### What the exercise asks
Would you return, word for word, the lines of the data below from the line with "(0 < mu setT)%E -> mu setT \is a fin_num ->" through the line with "Definition tilt_mass (G", and no others?

(Dataset entries)
(* Let $\mathcal{S}\subset\mathbb{R}_{\ge0}$ be measurable with positive Lebesgue measure and let $\mathcal{G}$ be a convex class of probability distributions on $\mathbb{R}$ (i.e. $\lambda G_1+(1-\lambda)G_2\in\mathcal{G}$ for all $\lambda\in[0,1]$, $G_1,G_2\in\mathcal{G}$). Then $\mathrm{Tilt}[\mathcal{G}]=\{\mathrm{Tilt}[G]:G\in\mathcal{G}\}$ is also a convex class of probability distributions.
   Context: With $\varphi^{\mathrm{fold}}(z;\mu)=\varphi(z;\mu)+\varphi(-z;\mu)$, where $\varphi(z;\mu)$ is the $\mathrm{N}(\mu,1)$ density, and $\Phi(\mathcal{S};\mu)=\int_{\mathcal{S}}\varphi^{\mathrm{fold}}(z;\mu)dz$, the tilting of a prior $G$ is $\mathrm{Tilt}[G](d\mu)=\frac{\Phi(\mathcal{S};\mu)G(d\mu)}{\int\Phi(\mathcal{S};\mu')G(d\mu')}$. *)

From HB Require Import structures.
From mathcomp Require Import all_boot all_order all_algebra.
From mathcomp Require Import all_classical all_reals all_analysis.
Set Implicit Arguments. Unset Strict Implicit. Unset Printing Implicit Defensive.
Import Order.TTheory GRing.Theory Num.Theory.
Import numFieldNormedType.Exports.
Local Open Scope classical_set_scope.
Local Open Scope ring_scope.

Section Tilt.
Variable R : realType.

Definition phi (z mu : R) : R :=
  expR (- ((z - mu) ^+ 2) / 2) / Num.sqrt (2 * pi).

Definition phi_fold (z mu : R) : R := phi z mu + phi (- z) mu.

Definition PhiS (S : set R) (mu : R) : \bar R :=
  (\int[lebesgue_measure]_(z in S) (phi_fold z mu)%:E)%E.

(* The normalizing constant is a finite positive real (0 < Phi <= 1 when
   S has positive measure and S is a subset of [0,oo)), hence `fine`. *)
Definition Tilt (S : set R) (G : probability R R) (A : set R) : \bar R :=
  ((\int[G]_(m in A) PhiS S m) *
     ((fine (\int[G]_(m in setT) PhiS S m))^-1)%:E)%E.

Definition is_prob_distr (P : set R -> \bar R) : Prop :=
  exists p : probability R R, forall A, measurable A -> p A = P A.

Definition convex_class (C : set (set R -> \bar R)) : Prop :=
  forall P1 P2, C P1 -> C P2 -> forall l : R, 0 <= l <= 1 ->
    exists P, C P /\ forall A, measurable A ->
      P A = (l%:E * P1 A + (1 - l)%:E * P2 A)%E.

End Tilt.

From HB Require Import structures.
From mathcomp Require Import all_boot all_order all_algebra.
From mathcomp Require Import all_classical all_reals all_analysis.
From mathcomp Require Import measurable_realfun ring lra.
Set Implicit Arguments. Unset Strict Implicit. Unset Printing Implicit Defensive.
Import Order.TTheory GRing.Theory Num.Theory.
Import numFieldNormedType.Exports.
Local Open Scope classical_set_scope.
Local Open Scope ring_scope.

(* Tilt[G] is G reweighted by the density mu |-> Phi(S;mu) / c_G, where
   c_G = \int Phi(S;mu) G(dmu); since 0 < Phi(S;.) <= 2, this is a probability.
   Tilting is not affine, but it maps mixtures to mixtures:
   Tilt[lam G1 + (1 - lam) G2] = l Tilt[G1] + (1 - l) Tilt[G2] with
   l = lam c1 / (lam c1 + (1 - lam) c2).  Conversely every l in [0, 1] arises
   from lam = l c2 / (l c2 + (1 - l) c1) in [0, 1], and convexity of the class
   provides the prior lam G1 + (1 - lam) G2. *)

Section reweight.
Variable R : realFieldType.

Definition reweight (l c1 c2 : R) := l * c2 / (l * c2 + (1 - l) * c1).

Let reweight_den_gt0 (l c1 c2 : R) : 0 <= l <= 1 -> 0 < c1 -> 0 < c2 ->
  0 < l * c2 + (1 - l) * c1.
Proof. by move=> /andP[l0 l1] c10 c20; nra. Qed.

Lemma reweight_itv (l c1 c2 : R) : 0 <= l <= 1 -> 0 < c1 -> 0 < c2 ->
  0 <= reweight l c1 c2 <= 1.
Proof.
move=> l01 c10 c20; have D0 := reweight_den_gt0 l01 c10 c20.
case/andP: l01 => l0 l1.
rewrite /reweight ler_pdivrMr // mul1r.
by rewrite divr_ge0 ?mulr_ge0 ?(ltW D0) ?(ltW c20) //=; nra.
Qed.

Lemma reweight_ratio (l c1 c2 i1 i2 : R) : 0 <= l <= 1 -> 0 < c1 -> 0 < c2 ->
  (reweight l c1 c2 * i1 + (1 - reweight l c1 c2) * i2)
    / (reweight l c1 c2 * c1 + (1 - reweight l c1 c2) * c2)
  = l * (i1 / c1) + (1 - l) * (i2 / c2).
Proof.
move=> l01 c10 c20; have D_neq0 := lt0r_neq0 (reweight_den_gt0 l01 c10 c20).
rewrite /reweight; have -> : l * c2 / (l * c2 + (1 - l) * c1) * c1
    + (1 - l * c2 / (l * c2 + (1 - l) * c1)) * c2
  = c1 * c2 / (l * c2 + (1 - l) * c1) by field.
by field; rewrite D_neq0 !lt0r_neq0.
Qed.

End reweight.

Section integral_gt0.
Local Open Scope ereal_scope.
Context d (T : measurableType d) (R : realType) (mu : {measure set T -> \bar R}).

Lemma integral_gt0 (D : set T) (g : T -> \bar R) : measurable D ->
  measurable_fun D g -> (forall x, D x -> 0 < g x) -> 0 < mu D ->
  0 < \int[mu]_(x in D) g x.
Proof.
move=> mD mg g_gt0 muD_gt0.
rewrite lt_neqAle integral_ge0 ?andbT => [|x Dx]; last exact/ltW/g_gt0.
apply/eqP => /esym int0.
have /(ae_eq_integral_abs mu mD) : \int[mu]_(x in D) `|g x| = 0.
  rewrite -int0; apply: eq_integral => x /[!inE] Dx.
  by rewrite gee0_abs // ltW // g_gt0.
move=> /(_ mg) [N [mN muN0 DN]].
suff : mu D <= 0 by rewrite leNgt muD_gt0.
rewrite -muN0 le_measure ?inE // => x Dx; apply: DN => /(_ Dx) gx0.
by move: (g_gt0 x Dx); rewrite gx0 ltxx.
Qed.

End integral_gt0.

Section integral_mixture.
Local Open Scope ereal_scope.
Context d (T : measurableType d) (R : realType).

Lemma ge0_integral_mixture (G G1 G2 : {measure set T -> \bar R}) (l : R)
    (D : set T) (f : T -> \bar R) :
  (0 <= l <= 1)%R ->
  (forall A, measurable A -> G A = l%:E * G1 A + (1 - l)%:E * G2 A) ->
  measurable D -> measurable_fun D f -> (forall x, D x -> 0 <= f x) ->
  \int[G]_(x in D) f x =
    l%:E * \int[G1]_(x in D) f x + (1 - l)%:E * \int[G2]_(x in D) f x.
Proof.
move=> /andP[l0 l1] hG mD mf f0; have l0' : (0 <= 1 - l)%R by rewrite subr_ge0.
rewrite (eq_measure_integral
  (measure_add (mscale (NngNum l0) G1) (mscale (NngNum l0') G2))); last first.
  move=> A mA _; rewrite hG //.
  by rewrite /measure_add /= /msum 2!big_ord_recl /= big_ord0 adde0.
by rewrite ge0_integral_measure_add // !ge0_integral_mscale.
Qed.

End integral_mixture.

Section measure_with_density.
Local Open Scope ereal_scope.
Context d (T : measurableType d) (R : realType) (mu : {measure set T -> \bar R})
  (f : T -> \bar R).

(* The unused hypotheses let unification find the measure instance below. *)
Definition measure_with_density (_ : measurable_fun setT f)
  (_ : forall x, 0 <= f x) (A : set T) : \bar R := \int[mu]_(x in A) f x.

Variables (mf : measurable_fun setT f) (f0 : forall x, 0 <= f x).

Let density0 : measure_with_density mf f0 set0 = 0.
Proof. exact: integral_set0. Qed.

Let density_ge0 A : 0 <= measure_with_density mf f0 A.
Proof. exact: integral_ge0. Qed.

HB.instance Definition _ := isMeasure.Build _ _ _ (measure_with_density mf f0)
  density0 density_ge0 (semi_sigma_additive_nng_induced (mu := mu) mf f0).

End measure_with_density.

Lemma mnormalizeE d (T : measurableType d) (R : realType)
    (mu : {measure set T -> \bar R}) (P : probability T R) (A : set T) :
  (0 < mu setT)%E -> mu setT \is a fin_num ->
  mnormalize mu P A = (mu A * ((fine (mu setT))^-1)%:E)%E.
Proof.
move=> mu_gt0 mu_fin; rewrite /mnormalize gt_eqF //=.
by move: mu_fin; rewrite fin_numE => /andP[_ /negbTE ->].
Qed.

Section tilt.
Local Open Scope ereal_scope.
Context d (T : measurableType d) (R : realType) (w : T -> \bar R) (M : R).
Hypotheses (mw : measurable_fun setT w) (w_gt0 : forall x, 0 < w x)
  (w_le : forall x, w x <= M%:E).

Definition tilt (G : probability T R) (A : set T) : \bar R :=
  \int[G]_(x in A) w x * ((fine (\int[G]_(x in setT) w x))^-1)%:E.

Definition tilt_mass (G : probability T R) : R := fine (\int[G]_(x in setT) w x).

Let w_ge0 x : 0 <= w x. Proof. exact/ltW. Qed.

Lemma tilt_integral_fin_num (G : probability T R) (A : set T) : measurable A ->
  \int[G]_(x in A) w x \is a fin_num.
Proof.
move=> mA; rewrite ge0_fin_numE ?integral_ge0 //.
apply: (@le_lt_trans _ _ (\int[G]_(x in A) (cst M%:E) x)).
  by apply: ge0_le_integral => //; exact: measurable_funTS.
by rewrite integral_cst // ltey_eq fin_numM ?fin_num_measure.
Qed.

Lemma tilt_massE (G : probability T R) :
  \int[G]_(x in setT) w x = (tilt_mass G)%:E.
Proof. by rewrite fineK // tilt_integral_fin_num. Qed.

Lemma tilt_mass_gt0 (G : probability T R) : (0 < tilt_mass G)%R.
Proof.
by rewrite -lte_fin -tilt_massE integral_gt0 //= probability_setT lte01.
Qed.

Lemma tilt_probability (G : probability T R) :
  exists P : probability T R, forall A, P A = tilt G A.
Proof.
exists (mnormalize (measure_with_density G mw w_ge0) G) => A.
apply: mnormalizeE; last exact: tilt_integral_fin_num.
by have := tilt_mass_gt0 G; rewrite -lte_fin -tilt_massE.
Qed.

Lemma tilt_mixture (G G1 G2 : probability T R) (l : R) : (0 <= l <= 1)%R ->
  (forall A, measurable A -> G A =
    (reweight l (tilt_mass G1) (tilt_mass G2))%:E * G1 A
    + (1 - reweight l (tilt_mass G1) (tilt_mass G2))%:E * G2 A) ->
  forall A, measurable A -> tilt G A = l%:E * tilt G1 A + (1 - l)%:E * tilt G2 A.
Proof.
move=> l01 hG A mA; have c1 := tilt_mass_gt0 G1; have c2 := tilt_mass_gt0 G2.
have lam01 := reweight_itv l01 c1 c2.
rewrite /tilt !(ge0_integral_mixture lam01 hG) //; last exact: measurable_funTS.
rewrite !tilt_massE -(fineK (tilt_integral_fin_num G1 mA)).
rewrite -(fineK (tilt_integral_fin_num G2 mA)) /=.
by rewrite -!(EFinM, EFinD) reweight_ratio.
Qed.

End tilt.

Section folded_normal.
Variable R : realType.
Implicit Types z mu : R.

Lemma phiE z mu : phi z mu = normal_pdf mu 1 z.
Proof.
rewrite /normal_pdf oner_eq0 /phi /normal_peak /normal_fun expr1n mul1r.
by rewrite mulr_natl mulrC.
Qed.

Lemma phiN z mu : phi (- z) mu = phi z (- mu).
Proof. by rewrite /phi -opprD sqrrN opprK. Qed.

Lemma phi_gt0 z mu : 0 < phi z mu.
Proof. by rewrite divr_gt0 ?expR_gt0 // sqrtr_gt0 mulr_gt0 ?pi_gt0. Qed.

Lemma phi_fold_gt0 z mu : 0 < phi_fold z mu.
Proof. by rewrite addr_gt0 ?phi_gt0. Qed.

Lemma phi_foldE z mu : phi_fold z mu = normal_pdf mu 1 z + normal_pdf (- mu) 1 z.
Proof. by rewrite /phi_fold phiN !phiE. Qed.

Lemma measurable_phi_fold mu : measurable_fun setT (fun z => phi_fold z mu).
Proof.
under eq_fun do rewrite phi_foldE.
by apply: measurable_funD; exact: measurable_normal_pdf.
Qed.

Lemma measurable_phi_fold_pair :
  measurable_fun setT (fun p : R * R => phi_fold p.2 p.1).
Proof.
rewrite /phi_fold /phi; apply: measurable_funD; apply: measurable_funM => //;
  apply: measurableT_comp => //; apply: measurable_funM => //;
  apply: measurableT_comp => //; apply: measurable_funX;
  apply: measurable_funB => //.
exact: measurableT_comp.
Qed.

Local Open Scope ereal_scope.

Lemma integral_phi_fold mu : \int[lebesgue_measure]_z (phi_fold z mu)%:E = 2%:E.
Proof.
under eq_integral do rewrite phi_foldE EFinD.
rewrite ge0_integralD //; last 4 first.
- by move=> z _; rewrite lee_fin normal_pdf_ge0.
- by apply/measurable_EFinP; exact: measurable_normal_pdf.
- by move=> z _; rewrite lee_fin normal_pdf_ge0.
- by apply/measurable_EFinP; exact: measurable_normal_pdf.
by rewrite !integral_normal_pdf.
Qed.

Variables (S : set R) (mS : measurable S).

Lemma measurable_PhiS : measurable_fun setT (PhiS S).
Proof.
have -> : PhiS S = fubini_F lebesgue_measure
    (fun p : R * R => ((\1_S p.2 : R) * phi_fold p.2 p.1)%:E).
  apply/funext => mu; rewrite /PhiS /fubini_F [LHS]integral_mkcond.
  apply: eq_integral => z _ /=; rewrite /patch indicE.
  by case: (z \in S); rewrite ?mul1r ?mul0r.
apply: measurable_fun_fubini_tonelli_F => [|p].
  apply/measurable_EFinP; apply: measurable_funM measurable_phi_fold_pair.
  exact: measurableT_comp (measurable_indic mS) measurable_snd.
by rewrite lee_fin mulr_ge0 // ltW // phi_fold_gt0.
Qed.

Lemma PhiS_gt0 : 0 < lebesgue_measure S -> forall mu, 0 < PhiS S mu.
Proof.
move=> S_gt0 mu; apply: integral_gt0 => // [|z _].
  by apply/measurable_funTS/measurable_EFinP; exact: measurable_phi_fold.
by rewrite lte_fin phi_fold_gt0.
Qed.

Lemma PhiS_le2 mu : PhiS S mu <= 2%:E.
Proof.
rewrite -(integral_phi_fold mu); apply: ge0_subset_integral => //.
- by apply/measurable_EFinP; exact: measurable_phi_fold.
- by move=> z _; rewrite lee_fin ltW // phi_fold_gt0.
Qed.

Lemma TiltE : Tilt S = tilt (PhiS S).
Proof. by []. Qed.

End folded_normal.

Theorem proposition2 (R : realType) (S : set R) (Gs : set (probability R R))
  (hSm : measurable S) (hSpos : S `<=` [set x | 0 <= x])
  (hSleb : (0 < lebesgue_measure S)%E)
  (hconv : convex_class [set (fun A => (G : probability R R) A) | G in Gs]) :
  (forall G, Gs G -> is_prob_distr (Tilt S G)) /\
  convex_class [set Tilt S G | G in Gs].
Proof.
have mPhi := measurable_PhiS hSm.
have Phi_gt0 := PhiS_gt0 hSm hSleb.
have Phi_le2 := PhiS_le2 hSm.
split=> [G _|_ _ [G1 G1s <-] [G2 G2s <-] l l01].
  have [P PE] := tilt_probability mPhi Phi_gt0 Phi_le2 G.
  by exists P => A _; rewrite PE TiltE.
have lam01 := reweight_itv l01 (tilt_mass_gt0 mPhi Phi_gt0 Phi_le2 G1)
  (tilt_mass_gt0 mPhi Phi_gt0 Phi_le2 G2).
have [_ [[G Gs_G <-] GE]] := hconv _ _ (ex_intro2 _ _ G1 G1s erefl)
  (ex_intro2 _ _ G2 G2s erefl) _ lam01.
exists (Tilt S G); split; first by exists G.
by rewrite !TiltE; exact: tilt_mixture GE.
Qed.
Lemma has_expectation_exposureM beta j k :
  has_expectation P (fun w => exposure beta j w * exposure beta k w)
    (if j == k then design_var p beta else 0).
Proof.
pose q t s := if j == k then Num.min (p t) (p s) else p t * p s.
have term t s : has_expectation P
    (fun w => beta t * beta s * (treated u j (p t) w * treated u k (p s) w
       + (- p s * treated u j (p t) w + (- p t * treated u k (p s) w + p t * p s))))
    (beta t * beta s * (q t s + (- p s * p t + (- p t * p s + p t * p s)))).
  apply: has_expectationZ.
  apply: has_expectationD; first exact: has_expectation_treatedM.
  apply: has_expectationD.
    by apply: has_expectationZ; exact: has_expectation_treated.
  apply: has_expectationD.
    by apply: has_expectationZ; exact: has_expectation_treated.
  exact: has_expectation_cst.
have := has_expectation_sum (index_enum _) xpredT
  (fun t => has_expectation_sum (index_enum _) xpredT (term t)).
have -> : \sum_(t < T.+1) \sum_(s < T.+1)
    beta t * beta s * (q t s + (- p s * p t + (- p t * p s + p t * p s))) =
    (if j == k then design_var p beta else 0).
  rewrite /q /design_var; case: eqP => _.
    by apply: eq_bigr => t _; apply: eq_bigr => s _; ring.
  by rewrite big1 // => t _; rewrite big1 // => s _; ring.
move/has_expectation_ext; apply => w.
rewrite /exposure mulr_suml; apply: eq_bigr => t _; rewrite mulr_sumr.
by apply: eq_bigr => s _; ring.
Qed.

Lemma variance_est beta (c0 : 'I_n -> R) (c : 'I_n -> 'I_n -> R) :
  'V_P[est u N p beta c0 c]%E =
  ((\sum_(j < n) out_effect c j ^+ 2) * design_var p beta)%:E.
Proof.
have [_ Eest] := has_expectation_est beta c0 c.
rewrite /variance unlock Eest /=.
suff : has_expectation P
    (fun w => (est u N p beta c0 c w - est_mean beta c0 c) *
              (est u N p beta c0 c w - est_mean beta c0 c))
    ((\sum_(j < n) out_effect c j ^+ 2) * design_var p beta) by case.
have := has_expectation_sum (index_enum _) xpredT (fun j =>
  has_expectation_sum (index_enum _) xpredT (fun k =>
    has_expectationZ (out_effect c j * out_effect c k)
      (has_expectation_exposureM beta j k))).
have -> : \sum_(j < n) \sum_(k < n) out_effect c j * out_effect c k *
    (if j == k then design_var p beta else 0) =
    (\sum_(j < n) out_effect c j ^+ 2) * design_var p beta.
  rewrite mulr_suml; apply: eq_bigr => j _.
  rewrite (bigD1 j) //= eqxx big1 ?addr0 ?expr2 // => k.
  by rewrite eq_sym => /negbTE ->; rewrite mulr0.
move/has_expectation_ext; apply => w.
rewrite est_centered mulr_suml; apply: eq_bigr => j _; rewrite mulr_sumr.
by apply: eq_bigr => k _; ring.
Qed.

Lemma out_effect_noedge (c : 'I_n -> 'I_n -> R) j :
  ~ (exists i j, j \in N i) -> out_effect c j = 0.
Proof.
move=> noedge; rewrite /out_effect big1 ?mulr0 // => i _.
by case: ifP => // ji; case: noedge; exists i, j.
Qed.

Lemma sum_out_effect_ones_sqr_gt0 : (exists i j, j \in N i) ->
  0 < \sum_(j < n) out_effect (fun _ _ => 1) j ^+ 2.
Proof.
move=> [i0 [j0 j0i0]]; apply: (psumr_gt0 (i0 := j0)) => [j|]; first exact: sqr_ge0.
rewrite exprn_gt0 // mulr_gt0 ?invr_gt0 ?ltr0n //.
  exact: leq_ltn_trans (ltn_ord i0).
by apply: (psumr_gt0 (i0 := i0)) => [i|]; [case: ifP | rewrite j0i0].
Qed.

End Estimator.

Theorem theorem4 (n T : nat) (N : 'I_n -> {set 'I_n})
  (d : measure_display) (Omega : measurableType d) (R : realType)
  (P : probability Omega R) (u : 'I_n -> {RV P >-> R}) (p : 'I_T.+1 -> R) :
  (0 < n)%N -> (0 < T)%N ->
  0 <= p ord0 -> (forall s t : 'I_T.+1, (s < t)%N -> p s < p t) -> p ord_max <= 1 ->
  iid_uniform01 P u ->
  unbiased P u N p (alpha_opt p) /\
  (forall (beta : 'I_T.+1 -> R) (c0 : 'I_n -> R) (c : 'I_n -> 'I_n -> R),
     unbiased P u N p beta ->
     ('V_P[est u N p (alpha_opt p) c0 c] <= 'V_P[est u N p beta c0 c])%E) /\
  (forall beta : 'I_T.+1 -> R,
     unbiased P u N p beta ->
     (exists i j, j \in N i) ->
     (forall (c0 : 'I_n -> R) (c : 'I_n -> 'I_n -> R),
        ('V_P[est u N p beta c0 c] <= 'V_P[est u N p (alpha_opt p) c0 c])%E) ->
     forall t, beta t = alpha_opt p t).
Proof.
move=> n_gt0 T_gt0 p0_ge0 p_incr pT_le1 u_iid.
have p01 t : 0 <= p t <= 1.
  rewrite (le_trans p0_ge0 (p_nondecr p_incr (s := ord0) (leq0n t))).
  exact: le_trans (p_nondecr p_incr (t := ord_max) (leq_ord t)) pT_le1.
have constraints beta : unbiased P u N p beta -> (exists i j, j \in N i) ->
    mass beta = 0 /\ moment p beta = 1.
  move=> unb edge; split; first exact: (unbiased_mass u_iid p01 n_gt0 unb).
  exact: (unbiased_moment u_iid p01 unb edge).
split.
  exact: (unbiased_mass_moment u_iid N p01
            (mass_alpha_opt p T_gt0) (moment_alpha_opt T_gt0 p_incr)).
split=> [beta c0 c unb | beta unb edge var_le].
  rewrite !(variance_est u_iid N p01) lee_fin.
  have [edge|noedge] := pselect (exists i j, j \in N i).
    apply: ler_wpM2l; first by apply: sumr_ge0 => j _; exact: sqr_ge0.
    have [mass0 moment1] := constraints beta unb edge.
    exact: (design_var_alpha_opt_le T_gt0 p_incr mass0 moment1).
  by rewrite big1 ?mul0r // => j _; rewrite out_effect_noedge ?expr0n.
have := var_le (fun=> 0) (fun _ _ => 1).
rewrite !(variance_est u_iid N p01) lee_fin ler_pM2l ?sum_out_effect_ones_sqr_gt0 //.
have [mass0 moment1] := constraints beta unb edge.
exact: (design_var_alpha_opt_eq T_gt0 p_incr mass0 moment1).
Qed.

### Solution below
  (0 < mu setT)%E -> mu setT \is a fin_num ->
  mnormalize mu P A = (mu A * ((fine (mu setT))^-1)%:E)%E.
Proof.
move=> mu_gt0 mu_fin; rewrite /mnormalize gt_eqF //=.
by move: mu_fin; rewrite fin_numE => /andP[_ /negbTE ->].
Qed.

Section tilt.
Local Open Scope ereal_scope.
Context d (T : measurableType d) (R : realType) (w : T -> \bar R) (M : R).
Hypotheses (mw : measurable_fun setT w) (w_gt0 : forall x, 0 < w x)
  (w_le : forall x, w x <= M%:E).

Definition tilt (G : probability T R) (A : set T) : \bar R :=
  \int[G]_(x in A) w x * ((fine (\int[G]_(x in setT) w x))^-1)%:E.

Definition tilt_mass (G : probability T R) : R := fine (\int[G]_(x in setT) w x).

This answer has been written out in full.